━━━ SUPPLIED DATA ━━━
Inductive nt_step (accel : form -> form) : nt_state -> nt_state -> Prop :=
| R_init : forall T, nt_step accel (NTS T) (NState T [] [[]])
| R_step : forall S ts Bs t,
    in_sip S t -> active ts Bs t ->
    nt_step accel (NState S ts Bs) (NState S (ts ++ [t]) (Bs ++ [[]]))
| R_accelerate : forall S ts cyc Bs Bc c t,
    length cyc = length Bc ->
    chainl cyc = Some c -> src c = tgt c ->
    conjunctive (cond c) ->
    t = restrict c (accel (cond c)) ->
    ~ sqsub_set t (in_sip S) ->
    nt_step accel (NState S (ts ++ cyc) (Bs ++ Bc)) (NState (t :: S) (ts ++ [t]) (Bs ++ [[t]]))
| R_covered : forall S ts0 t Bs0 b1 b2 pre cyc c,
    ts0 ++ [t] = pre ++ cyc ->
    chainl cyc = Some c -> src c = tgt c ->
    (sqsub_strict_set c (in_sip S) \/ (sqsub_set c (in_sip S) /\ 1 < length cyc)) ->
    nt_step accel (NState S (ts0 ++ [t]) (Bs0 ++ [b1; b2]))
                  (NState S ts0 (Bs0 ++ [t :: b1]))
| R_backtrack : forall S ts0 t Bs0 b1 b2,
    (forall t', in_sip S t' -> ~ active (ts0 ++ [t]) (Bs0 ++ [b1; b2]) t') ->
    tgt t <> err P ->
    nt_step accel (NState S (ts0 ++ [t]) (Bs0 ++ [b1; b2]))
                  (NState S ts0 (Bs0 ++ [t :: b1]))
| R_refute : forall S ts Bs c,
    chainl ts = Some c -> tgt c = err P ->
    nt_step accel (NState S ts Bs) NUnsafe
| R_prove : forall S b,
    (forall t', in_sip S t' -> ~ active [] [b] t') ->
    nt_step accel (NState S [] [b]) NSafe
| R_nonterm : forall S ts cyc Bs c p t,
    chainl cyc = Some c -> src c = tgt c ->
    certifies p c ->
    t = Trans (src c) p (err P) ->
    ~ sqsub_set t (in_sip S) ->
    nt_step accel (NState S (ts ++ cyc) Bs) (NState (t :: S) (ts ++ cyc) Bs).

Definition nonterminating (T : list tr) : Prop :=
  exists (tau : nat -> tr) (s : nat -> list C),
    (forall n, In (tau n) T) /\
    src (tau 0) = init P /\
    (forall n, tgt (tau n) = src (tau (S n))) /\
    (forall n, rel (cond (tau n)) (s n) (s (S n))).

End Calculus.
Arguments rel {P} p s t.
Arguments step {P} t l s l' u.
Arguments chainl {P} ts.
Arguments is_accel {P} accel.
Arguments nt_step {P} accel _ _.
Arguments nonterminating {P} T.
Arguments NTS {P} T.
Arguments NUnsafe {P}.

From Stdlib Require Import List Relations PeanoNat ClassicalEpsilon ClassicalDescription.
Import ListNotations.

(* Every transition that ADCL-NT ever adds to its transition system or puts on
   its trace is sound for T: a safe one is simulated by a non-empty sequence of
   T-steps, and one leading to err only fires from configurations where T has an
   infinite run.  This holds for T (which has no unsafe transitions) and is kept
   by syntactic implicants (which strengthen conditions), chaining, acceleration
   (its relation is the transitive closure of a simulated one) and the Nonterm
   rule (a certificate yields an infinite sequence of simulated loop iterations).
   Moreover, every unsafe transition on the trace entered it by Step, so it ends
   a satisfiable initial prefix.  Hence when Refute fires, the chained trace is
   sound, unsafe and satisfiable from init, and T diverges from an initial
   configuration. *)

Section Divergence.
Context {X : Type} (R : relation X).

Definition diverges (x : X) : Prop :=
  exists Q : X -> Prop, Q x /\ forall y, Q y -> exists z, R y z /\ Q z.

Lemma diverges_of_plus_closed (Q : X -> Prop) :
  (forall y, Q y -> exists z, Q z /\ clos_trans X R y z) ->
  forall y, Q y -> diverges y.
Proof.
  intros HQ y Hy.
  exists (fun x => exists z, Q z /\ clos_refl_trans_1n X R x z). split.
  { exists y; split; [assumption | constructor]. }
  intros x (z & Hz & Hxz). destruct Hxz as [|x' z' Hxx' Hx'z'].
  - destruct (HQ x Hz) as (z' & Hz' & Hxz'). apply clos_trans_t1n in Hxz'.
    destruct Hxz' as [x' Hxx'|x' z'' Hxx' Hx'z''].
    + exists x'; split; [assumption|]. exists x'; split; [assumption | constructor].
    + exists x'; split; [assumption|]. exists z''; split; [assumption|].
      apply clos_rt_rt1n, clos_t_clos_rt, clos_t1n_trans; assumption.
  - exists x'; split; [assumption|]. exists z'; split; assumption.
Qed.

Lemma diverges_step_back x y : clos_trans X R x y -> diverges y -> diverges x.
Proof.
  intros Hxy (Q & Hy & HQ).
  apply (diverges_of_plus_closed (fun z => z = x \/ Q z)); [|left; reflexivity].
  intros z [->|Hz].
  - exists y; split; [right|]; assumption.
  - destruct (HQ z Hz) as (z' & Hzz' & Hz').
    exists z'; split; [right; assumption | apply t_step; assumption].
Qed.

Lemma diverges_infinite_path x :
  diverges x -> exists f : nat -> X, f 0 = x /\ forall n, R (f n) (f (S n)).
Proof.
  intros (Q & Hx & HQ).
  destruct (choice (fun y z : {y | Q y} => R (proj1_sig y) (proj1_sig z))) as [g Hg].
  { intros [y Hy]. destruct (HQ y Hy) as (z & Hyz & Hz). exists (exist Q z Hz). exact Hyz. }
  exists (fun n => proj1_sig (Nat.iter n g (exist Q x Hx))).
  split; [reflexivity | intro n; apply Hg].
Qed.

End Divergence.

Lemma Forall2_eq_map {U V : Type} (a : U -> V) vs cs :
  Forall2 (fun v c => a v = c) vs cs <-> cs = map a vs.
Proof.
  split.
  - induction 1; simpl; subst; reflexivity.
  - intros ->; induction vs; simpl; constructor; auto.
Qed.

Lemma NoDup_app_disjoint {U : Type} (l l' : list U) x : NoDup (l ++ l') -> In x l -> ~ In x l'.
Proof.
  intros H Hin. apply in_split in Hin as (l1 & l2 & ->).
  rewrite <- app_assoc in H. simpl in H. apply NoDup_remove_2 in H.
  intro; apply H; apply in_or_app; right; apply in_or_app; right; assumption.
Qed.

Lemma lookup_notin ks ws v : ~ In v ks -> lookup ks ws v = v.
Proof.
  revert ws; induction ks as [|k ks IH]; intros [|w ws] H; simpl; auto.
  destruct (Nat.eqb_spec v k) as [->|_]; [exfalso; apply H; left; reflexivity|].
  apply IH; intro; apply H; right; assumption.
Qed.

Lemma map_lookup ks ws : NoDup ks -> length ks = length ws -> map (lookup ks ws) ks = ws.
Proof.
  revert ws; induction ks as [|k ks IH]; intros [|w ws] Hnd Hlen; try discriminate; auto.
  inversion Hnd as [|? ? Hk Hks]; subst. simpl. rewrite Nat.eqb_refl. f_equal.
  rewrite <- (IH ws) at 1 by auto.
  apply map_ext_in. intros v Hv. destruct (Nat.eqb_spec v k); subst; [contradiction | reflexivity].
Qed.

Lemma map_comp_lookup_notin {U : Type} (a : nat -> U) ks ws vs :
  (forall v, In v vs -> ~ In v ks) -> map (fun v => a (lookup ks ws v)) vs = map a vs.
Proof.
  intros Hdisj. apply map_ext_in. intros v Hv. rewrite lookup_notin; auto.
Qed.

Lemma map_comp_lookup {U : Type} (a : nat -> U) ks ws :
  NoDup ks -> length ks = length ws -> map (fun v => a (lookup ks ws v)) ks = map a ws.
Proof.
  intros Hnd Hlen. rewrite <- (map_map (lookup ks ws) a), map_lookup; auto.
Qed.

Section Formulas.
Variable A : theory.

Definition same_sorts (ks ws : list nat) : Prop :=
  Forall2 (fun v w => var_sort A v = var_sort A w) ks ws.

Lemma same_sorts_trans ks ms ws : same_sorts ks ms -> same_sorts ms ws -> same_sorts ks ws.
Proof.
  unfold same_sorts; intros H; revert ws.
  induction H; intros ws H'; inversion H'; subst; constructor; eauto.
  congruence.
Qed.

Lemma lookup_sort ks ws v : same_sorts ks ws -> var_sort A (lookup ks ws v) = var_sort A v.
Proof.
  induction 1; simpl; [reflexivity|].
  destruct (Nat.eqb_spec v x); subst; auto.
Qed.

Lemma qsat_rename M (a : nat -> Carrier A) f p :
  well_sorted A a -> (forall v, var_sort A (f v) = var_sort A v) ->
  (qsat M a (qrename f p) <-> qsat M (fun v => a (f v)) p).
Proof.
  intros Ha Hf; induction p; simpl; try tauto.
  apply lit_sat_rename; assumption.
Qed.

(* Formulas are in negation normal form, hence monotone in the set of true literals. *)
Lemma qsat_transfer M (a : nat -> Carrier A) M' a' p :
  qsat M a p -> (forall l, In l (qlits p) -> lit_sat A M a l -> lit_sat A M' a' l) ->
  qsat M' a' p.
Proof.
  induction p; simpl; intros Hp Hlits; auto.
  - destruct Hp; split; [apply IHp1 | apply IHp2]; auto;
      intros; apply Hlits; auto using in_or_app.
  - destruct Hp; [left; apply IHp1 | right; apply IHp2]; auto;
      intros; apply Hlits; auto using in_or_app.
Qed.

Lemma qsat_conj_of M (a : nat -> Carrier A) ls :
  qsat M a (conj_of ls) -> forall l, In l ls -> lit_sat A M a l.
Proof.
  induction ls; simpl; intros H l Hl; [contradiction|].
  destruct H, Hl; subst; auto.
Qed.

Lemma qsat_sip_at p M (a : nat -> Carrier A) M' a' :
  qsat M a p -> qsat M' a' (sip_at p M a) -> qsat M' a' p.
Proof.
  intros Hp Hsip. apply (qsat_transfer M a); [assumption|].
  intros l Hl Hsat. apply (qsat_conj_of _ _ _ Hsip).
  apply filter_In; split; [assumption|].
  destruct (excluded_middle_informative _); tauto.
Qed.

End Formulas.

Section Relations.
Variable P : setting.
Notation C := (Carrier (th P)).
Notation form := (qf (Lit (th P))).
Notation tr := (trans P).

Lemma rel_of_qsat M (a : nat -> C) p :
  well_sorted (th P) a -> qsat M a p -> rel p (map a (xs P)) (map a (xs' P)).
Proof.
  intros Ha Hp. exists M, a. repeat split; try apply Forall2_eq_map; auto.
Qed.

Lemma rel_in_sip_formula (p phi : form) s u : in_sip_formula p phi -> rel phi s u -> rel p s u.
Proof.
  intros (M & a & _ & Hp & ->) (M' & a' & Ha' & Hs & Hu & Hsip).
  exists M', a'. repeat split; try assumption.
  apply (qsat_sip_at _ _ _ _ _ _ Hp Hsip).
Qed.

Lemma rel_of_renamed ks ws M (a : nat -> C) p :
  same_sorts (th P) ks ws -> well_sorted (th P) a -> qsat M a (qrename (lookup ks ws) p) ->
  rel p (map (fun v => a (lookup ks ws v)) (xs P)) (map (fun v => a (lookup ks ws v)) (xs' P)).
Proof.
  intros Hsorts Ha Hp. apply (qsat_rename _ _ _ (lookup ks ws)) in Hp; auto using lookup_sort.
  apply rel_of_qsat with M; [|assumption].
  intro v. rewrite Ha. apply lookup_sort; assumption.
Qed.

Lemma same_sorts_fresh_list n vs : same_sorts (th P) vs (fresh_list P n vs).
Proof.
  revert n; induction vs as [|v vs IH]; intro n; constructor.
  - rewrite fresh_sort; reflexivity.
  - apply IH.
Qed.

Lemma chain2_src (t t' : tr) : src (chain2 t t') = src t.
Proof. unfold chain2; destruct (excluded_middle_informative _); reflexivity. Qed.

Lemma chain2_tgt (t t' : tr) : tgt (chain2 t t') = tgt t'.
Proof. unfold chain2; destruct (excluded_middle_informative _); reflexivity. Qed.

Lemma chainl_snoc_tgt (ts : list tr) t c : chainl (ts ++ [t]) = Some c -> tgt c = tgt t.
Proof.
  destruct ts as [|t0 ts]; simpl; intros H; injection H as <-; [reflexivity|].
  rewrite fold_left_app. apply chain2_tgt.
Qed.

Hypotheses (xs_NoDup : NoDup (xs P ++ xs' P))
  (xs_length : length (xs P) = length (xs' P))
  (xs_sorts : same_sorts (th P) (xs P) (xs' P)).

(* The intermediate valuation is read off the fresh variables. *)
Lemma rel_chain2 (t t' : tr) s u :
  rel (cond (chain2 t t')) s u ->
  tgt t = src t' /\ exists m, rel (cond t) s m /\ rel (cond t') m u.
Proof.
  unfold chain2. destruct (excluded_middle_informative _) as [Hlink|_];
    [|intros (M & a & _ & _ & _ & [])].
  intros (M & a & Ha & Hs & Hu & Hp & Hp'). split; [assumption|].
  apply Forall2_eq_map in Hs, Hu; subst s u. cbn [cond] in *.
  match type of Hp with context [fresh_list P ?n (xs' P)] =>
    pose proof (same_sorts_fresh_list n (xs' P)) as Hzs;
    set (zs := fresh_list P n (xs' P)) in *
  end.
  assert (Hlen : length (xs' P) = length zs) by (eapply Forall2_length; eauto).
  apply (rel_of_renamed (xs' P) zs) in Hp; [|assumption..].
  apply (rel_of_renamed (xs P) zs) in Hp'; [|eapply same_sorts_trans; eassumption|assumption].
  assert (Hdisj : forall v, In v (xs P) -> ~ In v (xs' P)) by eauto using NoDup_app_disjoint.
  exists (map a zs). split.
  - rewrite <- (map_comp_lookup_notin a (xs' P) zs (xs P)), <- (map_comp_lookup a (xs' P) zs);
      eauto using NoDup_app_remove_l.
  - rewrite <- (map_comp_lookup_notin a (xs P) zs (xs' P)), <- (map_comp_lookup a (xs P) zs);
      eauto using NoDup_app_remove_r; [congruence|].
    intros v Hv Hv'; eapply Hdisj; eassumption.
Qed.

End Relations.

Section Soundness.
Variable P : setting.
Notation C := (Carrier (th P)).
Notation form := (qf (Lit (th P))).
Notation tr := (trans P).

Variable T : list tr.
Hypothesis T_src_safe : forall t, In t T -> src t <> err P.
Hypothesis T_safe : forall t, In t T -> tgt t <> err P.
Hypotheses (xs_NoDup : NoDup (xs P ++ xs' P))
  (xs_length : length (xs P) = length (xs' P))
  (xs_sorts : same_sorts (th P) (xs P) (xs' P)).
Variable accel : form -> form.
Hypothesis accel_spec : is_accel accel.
━━━
● WHAT THE TASK ASKS
Please give the number of lines in the material above that contain the string "fires", and nothing else.

● EXERCISE ANSWER
2